**INFORMATION SHOWN**
+ + + +

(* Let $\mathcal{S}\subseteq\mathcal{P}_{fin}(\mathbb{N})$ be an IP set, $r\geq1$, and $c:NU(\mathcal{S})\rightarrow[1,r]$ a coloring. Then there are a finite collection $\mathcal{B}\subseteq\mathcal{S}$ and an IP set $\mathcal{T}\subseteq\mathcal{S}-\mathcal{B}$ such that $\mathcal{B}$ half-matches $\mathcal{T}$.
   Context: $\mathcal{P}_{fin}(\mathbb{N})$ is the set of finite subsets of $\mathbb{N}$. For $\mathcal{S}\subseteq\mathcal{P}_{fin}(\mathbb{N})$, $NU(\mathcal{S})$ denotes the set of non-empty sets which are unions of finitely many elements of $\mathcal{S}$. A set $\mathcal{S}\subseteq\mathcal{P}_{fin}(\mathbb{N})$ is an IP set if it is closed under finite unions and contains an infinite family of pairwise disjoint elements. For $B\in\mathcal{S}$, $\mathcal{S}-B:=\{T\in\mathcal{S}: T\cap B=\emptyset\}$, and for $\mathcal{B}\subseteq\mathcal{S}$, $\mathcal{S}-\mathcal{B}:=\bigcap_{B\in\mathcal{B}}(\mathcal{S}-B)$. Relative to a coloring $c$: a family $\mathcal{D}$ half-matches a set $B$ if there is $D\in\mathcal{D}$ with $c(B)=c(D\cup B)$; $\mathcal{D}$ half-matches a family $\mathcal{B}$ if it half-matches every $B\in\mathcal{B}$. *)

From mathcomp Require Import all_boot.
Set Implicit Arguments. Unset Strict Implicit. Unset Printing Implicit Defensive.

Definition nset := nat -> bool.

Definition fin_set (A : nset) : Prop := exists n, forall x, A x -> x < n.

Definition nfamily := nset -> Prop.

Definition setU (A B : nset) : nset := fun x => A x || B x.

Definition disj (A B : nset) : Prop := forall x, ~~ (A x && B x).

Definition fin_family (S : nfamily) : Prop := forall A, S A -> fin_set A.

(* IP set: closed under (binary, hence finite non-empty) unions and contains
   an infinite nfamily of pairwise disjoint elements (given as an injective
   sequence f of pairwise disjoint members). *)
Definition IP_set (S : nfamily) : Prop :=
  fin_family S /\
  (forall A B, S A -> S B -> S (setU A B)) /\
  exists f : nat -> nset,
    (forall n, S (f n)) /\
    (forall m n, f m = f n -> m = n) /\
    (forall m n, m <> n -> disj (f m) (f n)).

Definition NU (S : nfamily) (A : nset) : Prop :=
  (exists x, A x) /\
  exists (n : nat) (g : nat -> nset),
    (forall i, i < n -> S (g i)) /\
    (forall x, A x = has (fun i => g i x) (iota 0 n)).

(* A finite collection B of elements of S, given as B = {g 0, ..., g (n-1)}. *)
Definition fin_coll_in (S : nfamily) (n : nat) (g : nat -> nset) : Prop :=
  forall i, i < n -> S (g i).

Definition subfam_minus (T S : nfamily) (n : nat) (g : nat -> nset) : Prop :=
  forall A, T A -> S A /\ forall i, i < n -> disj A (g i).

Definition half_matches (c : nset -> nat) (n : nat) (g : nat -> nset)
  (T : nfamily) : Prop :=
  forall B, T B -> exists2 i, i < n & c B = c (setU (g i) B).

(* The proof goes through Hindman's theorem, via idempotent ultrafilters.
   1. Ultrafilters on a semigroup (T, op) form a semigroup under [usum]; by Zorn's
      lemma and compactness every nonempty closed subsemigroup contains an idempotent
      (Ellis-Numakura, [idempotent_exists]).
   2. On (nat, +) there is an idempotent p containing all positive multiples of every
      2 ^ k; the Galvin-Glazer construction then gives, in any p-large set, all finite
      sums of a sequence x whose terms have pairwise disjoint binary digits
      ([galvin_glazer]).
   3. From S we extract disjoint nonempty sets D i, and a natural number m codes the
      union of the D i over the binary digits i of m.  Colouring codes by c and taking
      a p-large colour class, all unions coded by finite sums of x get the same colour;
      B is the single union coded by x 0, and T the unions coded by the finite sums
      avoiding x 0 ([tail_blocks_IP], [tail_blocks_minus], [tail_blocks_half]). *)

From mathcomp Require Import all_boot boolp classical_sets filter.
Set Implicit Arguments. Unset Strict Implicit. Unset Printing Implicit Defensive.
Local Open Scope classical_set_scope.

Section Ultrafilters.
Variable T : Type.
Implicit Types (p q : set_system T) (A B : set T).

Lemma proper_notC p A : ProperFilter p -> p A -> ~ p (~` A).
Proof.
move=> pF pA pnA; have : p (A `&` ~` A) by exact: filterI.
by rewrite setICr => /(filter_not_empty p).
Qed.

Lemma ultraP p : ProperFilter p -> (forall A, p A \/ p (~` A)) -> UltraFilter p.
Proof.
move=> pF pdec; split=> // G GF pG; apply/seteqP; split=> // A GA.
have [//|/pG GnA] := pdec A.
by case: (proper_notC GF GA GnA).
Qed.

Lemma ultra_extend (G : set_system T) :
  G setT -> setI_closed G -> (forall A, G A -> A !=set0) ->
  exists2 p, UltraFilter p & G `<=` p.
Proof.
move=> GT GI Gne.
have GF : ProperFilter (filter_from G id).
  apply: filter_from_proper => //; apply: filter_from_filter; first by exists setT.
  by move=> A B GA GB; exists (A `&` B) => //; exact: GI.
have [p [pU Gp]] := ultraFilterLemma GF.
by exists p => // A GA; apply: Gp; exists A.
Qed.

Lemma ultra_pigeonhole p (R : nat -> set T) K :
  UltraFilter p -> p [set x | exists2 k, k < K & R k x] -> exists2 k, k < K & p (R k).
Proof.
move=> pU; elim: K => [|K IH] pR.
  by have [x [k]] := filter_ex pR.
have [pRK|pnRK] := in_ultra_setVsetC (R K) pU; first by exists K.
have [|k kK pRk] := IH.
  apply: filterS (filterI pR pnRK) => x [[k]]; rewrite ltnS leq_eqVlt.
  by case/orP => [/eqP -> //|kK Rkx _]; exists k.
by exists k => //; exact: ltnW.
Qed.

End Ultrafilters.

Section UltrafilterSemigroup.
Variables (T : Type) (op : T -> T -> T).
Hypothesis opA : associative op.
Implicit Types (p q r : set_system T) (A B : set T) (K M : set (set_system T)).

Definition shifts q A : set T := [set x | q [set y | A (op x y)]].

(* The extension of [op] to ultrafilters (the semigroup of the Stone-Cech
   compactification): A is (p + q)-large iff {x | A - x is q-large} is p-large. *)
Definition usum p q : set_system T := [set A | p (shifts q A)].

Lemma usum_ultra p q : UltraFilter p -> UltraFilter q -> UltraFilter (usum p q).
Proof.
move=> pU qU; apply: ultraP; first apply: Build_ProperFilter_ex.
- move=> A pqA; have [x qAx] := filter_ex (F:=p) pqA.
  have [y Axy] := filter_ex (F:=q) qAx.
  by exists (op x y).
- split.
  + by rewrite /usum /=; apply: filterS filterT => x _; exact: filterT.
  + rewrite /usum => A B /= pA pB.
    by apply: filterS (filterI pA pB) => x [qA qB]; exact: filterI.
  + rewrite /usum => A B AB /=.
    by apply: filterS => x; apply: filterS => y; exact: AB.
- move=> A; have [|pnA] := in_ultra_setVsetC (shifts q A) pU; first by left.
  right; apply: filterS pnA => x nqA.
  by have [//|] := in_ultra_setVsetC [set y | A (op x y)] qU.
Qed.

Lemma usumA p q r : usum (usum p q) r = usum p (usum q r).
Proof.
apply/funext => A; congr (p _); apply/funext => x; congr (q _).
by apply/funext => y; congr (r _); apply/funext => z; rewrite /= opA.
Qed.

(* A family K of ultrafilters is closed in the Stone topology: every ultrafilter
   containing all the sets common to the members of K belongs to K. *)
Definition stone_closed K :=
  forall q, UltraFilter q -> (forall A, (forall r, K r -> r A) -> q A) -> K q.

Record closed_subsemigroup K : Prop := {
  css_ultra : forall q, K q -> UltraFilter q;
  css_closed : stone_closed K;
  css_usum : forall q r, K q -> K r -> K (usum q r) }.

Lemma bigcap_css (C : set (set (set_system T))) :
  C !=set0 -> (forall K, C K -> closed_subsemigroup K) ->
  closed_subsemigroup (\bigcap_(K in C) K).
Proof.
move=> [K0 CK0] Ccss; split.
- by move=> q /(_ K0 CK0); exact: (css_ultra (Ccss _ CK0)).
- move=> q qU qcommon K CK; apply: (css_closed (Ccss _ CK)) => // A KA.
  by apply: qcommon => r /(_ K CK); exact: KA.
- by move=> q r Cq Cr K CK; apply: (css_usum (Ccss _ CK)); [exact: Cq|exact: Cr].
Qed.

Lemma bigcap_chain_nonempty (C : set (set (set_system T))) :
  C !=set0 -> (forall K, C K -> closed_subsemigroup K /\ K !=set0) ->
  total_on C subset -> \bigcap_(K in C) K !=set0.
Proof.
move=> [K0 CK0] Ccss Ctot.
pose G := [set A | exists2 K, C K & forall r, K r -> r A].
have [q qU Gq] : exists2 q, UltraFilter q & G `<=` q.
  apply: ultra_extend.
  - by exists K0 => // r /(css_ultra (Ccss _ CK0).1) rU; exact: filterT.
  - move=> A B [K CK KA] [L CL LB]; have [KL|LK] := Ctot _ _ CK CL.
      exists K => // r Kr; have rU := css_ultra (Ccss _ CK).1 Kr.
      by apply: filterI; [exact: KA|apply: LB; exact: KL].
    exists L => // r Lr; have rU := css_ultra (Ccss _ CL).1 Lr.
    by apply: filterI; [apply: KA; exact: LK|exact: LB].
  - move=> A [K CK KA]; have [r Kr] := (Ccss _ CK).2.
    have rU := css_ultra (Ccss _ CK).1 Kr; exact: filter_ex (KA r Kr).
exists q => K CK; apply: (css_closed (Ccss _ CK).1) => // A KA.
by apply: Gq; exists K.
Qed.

+ + + +

**TRY IT**
Please copy, without any change, the lines of the material from the first through the one containing "Definition NU (S". Write nothing else.

**RESULT FOR THIS EXERCISE**
(* Let $\mathcal{S}\subseteq\mathcal{P}_{fin}(\mathbb{N})$ be an IP set, $r\geq1$, and $c:NU(\mathcal{S})\rightarrow[1,r]$ a coloring. Then there are a finite collection $\mathcal{B}\subseteq\mathcal{S}$ and an IP set $\mathcal{T}\subseteq\mathcal{S}-\mathcal{B}$ such that $\mathcal{B}$ half-matches $\mathcal{T}$.
   Context: $\mathcal{P}_{fin}(\mathbb{N})$ is the set of finite subsets of $\mathbb{N}$. For $\mathcal{S}\subseteq\mathcal{P}_{fin}(\mathbb{N})$, $NU(\mathcal{S})$ denotes the set of non-empty sets which are unions of finitely many elements of $\mathcal{S}$. A set $\mathcal{S}\subseteq\mathcal{P}_{fin}(\mathbb{N})$ is an IP set if it is closed under finite unions and contains an infinite family of pairwise disjoint elements. For $B\in\mathcal{S}$, $\mathcal{S}-B:=\{T\in\mathcal{S}: T\cap B=\emptyset\}$, and for $\mathcal{B}\subseteq\mathcal{S}$, $\mathcal{S}-\mathcal{B}:=\bigcap_{B\in\mathcal{B}}(\mathcal{S}-B)$. Relative to a coloring $c$: a family $\mathcal{D}$ half-matches a set $B$ if there is $D\in\mathcal{D}$ with $c(B)=c(D\cup B)$; $\mathcal{D}$ half-matches a family $\mathcal{B}$ if it half-matches every $B\in\mathcal{B}$. *)

From mathcomp Require Import all_boot.
Set Implicit Arguments. Unset Strict Implicit. Unset Printing Implicit Defensive.

Definition nset := nat -> bool.

Definition fin_set (A : nset) : Prop := exists n, forall x, A x -> x < n.

Definition nfamily := nset -> Prop.

Definition setU (A B : nset) : nset := fun x => A x || B x.

Definition disj (A B : nset) : Prop := forall x, ~~ (A x && B x).

Definition fin_family (S : nfamily) : Prop := forall A, S A -> fin_set A.

(* IP set: closed under (binary, hence finite non-empty) unions and contains
   an infinite nfamily of pairwise disjoint elements (given as an injective
   sequence f of pairwise disjoint members). *)
Definition IP_set (S : nfamily) : Prop :=
  fin_family S /\
  (forall A B, S A -> S B -> S (setU A B)) /\
  exists f : nat -> nset,
    (forall n, S (f n)) /\
    (forall m n, f m = f n -> m = n) /\
    (forall m n, m <> n -> disj (f m) (f n)).

Definition NU (S : nfamily) (A : nset) : Prop :=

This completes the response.